Born in Oakland, California in 1982, Briony moved to Whidbey
Island, Washington in 1986 with her parents, Buffy Cribbs
and Bruce Morrow. While Briony was in middle school, her grandmother,
Ann Cribbs, purchased a 30" x 60" Tackach press
for the family and set up a Print Studio on her property,
which would later be named the Cat Skinner Press. One day
Briony's father asked her to help him with an edition of block
prints and her love affair with printing had begun.
In 2000 Briony went to Southern Vermont to study at Bennington
College. While there she studied printmaking under Catherine
Mosley and Perry Tymeson. In 2002 Briony moved back to the
west coast to attend the Emily Carr institute of Art and Design
in Vancouver, British Columbia. The school not only provided
a base closer to home but also provided a more intense art
education. While at Emily Carr, Briony studied printmaking,
specifically etching, the Book Arts and Digital art.
After graduating in May 2005, Briony moved back to Whidbey Island and set up her own graphic arts business, Cribbs-Morrow Artworks, and continued working on her etchings at the Cat Skinner Press.
In January of 2008, Briony pulled up stakes and moved to Brattleboro, VT to start Twin Vixen Press with a fellow printmaker, Helen O’Donnell. The press provides intaglio-based print classes, press rental and studio space for print artists. Currently, Briony is working on illustration projects for books and continues work on her series of Chimera.
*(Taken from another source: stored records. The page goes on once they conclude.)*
(* 1_S Adj 1_S^T counts ordered pairs of adjacent vertices in S, that is
   s |S| minus the number |dS| of edges leaving S. *)
Lemma indicator_form (S : {set 'I_n}) :
  (indicator R S *m Adj *m (indicator R S)^T) 0 0
    = s%:R * #|S|%:R - \sum_(v in S) (bdry_deg e S v)%:R.
Proof.
have row j : (indicator R S *m Adj) 0 j = s%:R - (bdry_deg e S j)%:R.
  rewrite -(bdry_deg_compl S j) natrD addrK -adjmx_row_indicator mxE.
  by apply: eq_bigr => i _; rewrite /adjmx !mxE e_sym mulrC.
transitivity (\sum_(j in S) (s%:R - (bdry_deg e S j)%:R : R)).
  rewrite mxE [RHS]big_mkcond; apply: eq_bigr => j _.
  by rewrite row !mxE; case: (j \in S); rewrite ?mulr1 ?mulr0.
by rewrite sumrB sumr_const mulr_natr.
Qed.

Lemma centred_indicator_form (S : {set 'I_n}) (c : R) :
  c * n%:R = #|S|%:R -> let x := centred_indicator S c in
  (x *m Adj *m x^T) 0 0
    = s%:R * #|S|%:R - \sum_(v in S) (bdry_deg e S v)%:R - c * s%:R * #|S|%:R.
Proof.
move=> c_n /=; rewrite (centred_form adjmx_sym adjmx_ones) ?sum_indicator //.
by rewrite indicator_form.
Qed.

(* Vertices outside A have fewer than s - b boundary edges, vertices of A
   at most s: hence |dS| <= (s - b) |S| + b |A|. *)
Lemma boundary_le (S : {set 'I_n}) (b : R) :
  \sum_(v in S) (bdry_deg e S v)%:R
    <= (s%:R - b) * #|S|%:R + b * #|[set v in S | s%:R - b <= (bdry_deg e S v)%:R]|%:R.
Proof.
set A := [set v in S | _].
have A_sum : #|A|%:R = \sum_(v in S) ((v \in A)%:R : R).
  rewrite -sum1_card natr_sum big_mkcond [RHS]big_mkcond /=; apply: eq_bigr => v _.
  by rewrite inE; case: (v \in S); case: (_ <= _).
rewrite A_sum mulr_sumr mulr_natr -sumr_const -big_split /=.
apply: ler_sum => v vS; rewrite inE vS /=.
case: (leP (s%:R - b)) => [_|bd_small]; rewrite ?mulr1 ?mulr0 ?addr0.
  by rewrite subrK ler_nat -(bdry_deg_compl S v) leq_addl.
exact: ltW.
Qed.

Lemma adjmx_eigen_list_le (ev : seq R) :
  eigen_list Adj ev -> (forall t, t \in ev -> t <= s%:R) /\ nth 0 ev 1 <= s%:R.
Proof.
move=> [_ charA]; have ev_le_s t : t \in ev -> t <= s%:R.
  by move=> t_ev; apply: adjmx_eigenvalue_le; rewrite charA root_prod_XsubC.
split=> //; have [ev_big|ev_small] := ltnP 1 (size ev); first exact/ev_le_s/mem_nth.
by rewrite nth_default.
Qed.

End RegularGraph.

Theorem mainTheorem7 (R : realType) (n s : nat) (e : rel 'I_n)
  (ev : seq R) (alpha b : R) (S : {set 'I_n}) :
  simple_graph e -> regular e s ->
  eigen_list (adjmx R e) ev ->
  0 < alpha -> (#|S|%:R <= alpha * n%:R) ->
  0 < b -> b <= s%:R ->
  let lambda2 := nth 0 ev 1 in
  let A := [set v in S | s%:R - b <= (bdry_deg e S v)%:R] in
  let beta := ((b - lambda2) - alpha * (s%:R - lambda2)) / b in
  beta * #|S|%:R <= #|A|%:R.
Proof.
move=> [e_sym _] e_reg eigen_ev alpha_gt0 S_small b_gt0 _ /=.
have [ev_sorted charA] := eigen_ev.
have [ev_le_s l2_le_s] := adjmx_eigen_list_le e_sym e_reg eigen_ev.
set l2 := nth 0 ev 1 in l2_le_s *; set k : R := #|S|%:R in S_small *.
have [c_n c_le_alpha] := ratio_le (ler0n _ _) (ler0n _ n) alpha_gt0 S_small.
set c := k / n%:R in c_n c_le_alpha.
have spectral_gap := second_eigenvalue_bound (adjmx_sym R e_sym) ev_sorted charA
  ev_le_s (adjmx_ones R e_sym e_reg) (centred_indicator_sum c_n).
rewrite (centred_indicator_form e_sym e_reg c_n) centred_indicator_norm // -/k -/l2
  in spectral_gap.
have boundary := @boundary_le R n s e e_reg S b; rewrite -/k in boundary.
have slack : 0 <= (s%:R - l2) * k * (alpha - c).
  by rewrite !mulr_ge0 ?ler0n // subr_ge0.
rewrite mulrAC ler_pdivrMr //; lra.
Qed.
There is something about monstrous form that appeals to the
human imagination. There are numerous periods in history where
these unnatural forms have surfaced. In the 17th century Cabinets
of Curiosities emerged in the name of science. In the 1900's
photographs taken for medical purposes morphed into the role
of entertainment when presented to a curious audience. More
currently, the grotesque form has emerged as scientists explore
Genetically Modified Organisms and the questionable clone.
By combining human curiosity and the potential fear of the
unknown through the medium of printmaking and rational language
of science, I am attempting to create a place where immutable
truths can become mutable. Such a collection is unavoidably
incomplete. My ambiguous forms, just as my imagination, are
forever growing, morphing and mutating. One day a chimera
may take the form of lizard morphing into a bird, another
day it may take the form of a genetically mutated botanical
specimen. Whether my composite forms speak of past attempts
in art and science to categorize or whether they speak of
future hybrids, my work attempts to challenge currently held
assumptions that there can be a single truth.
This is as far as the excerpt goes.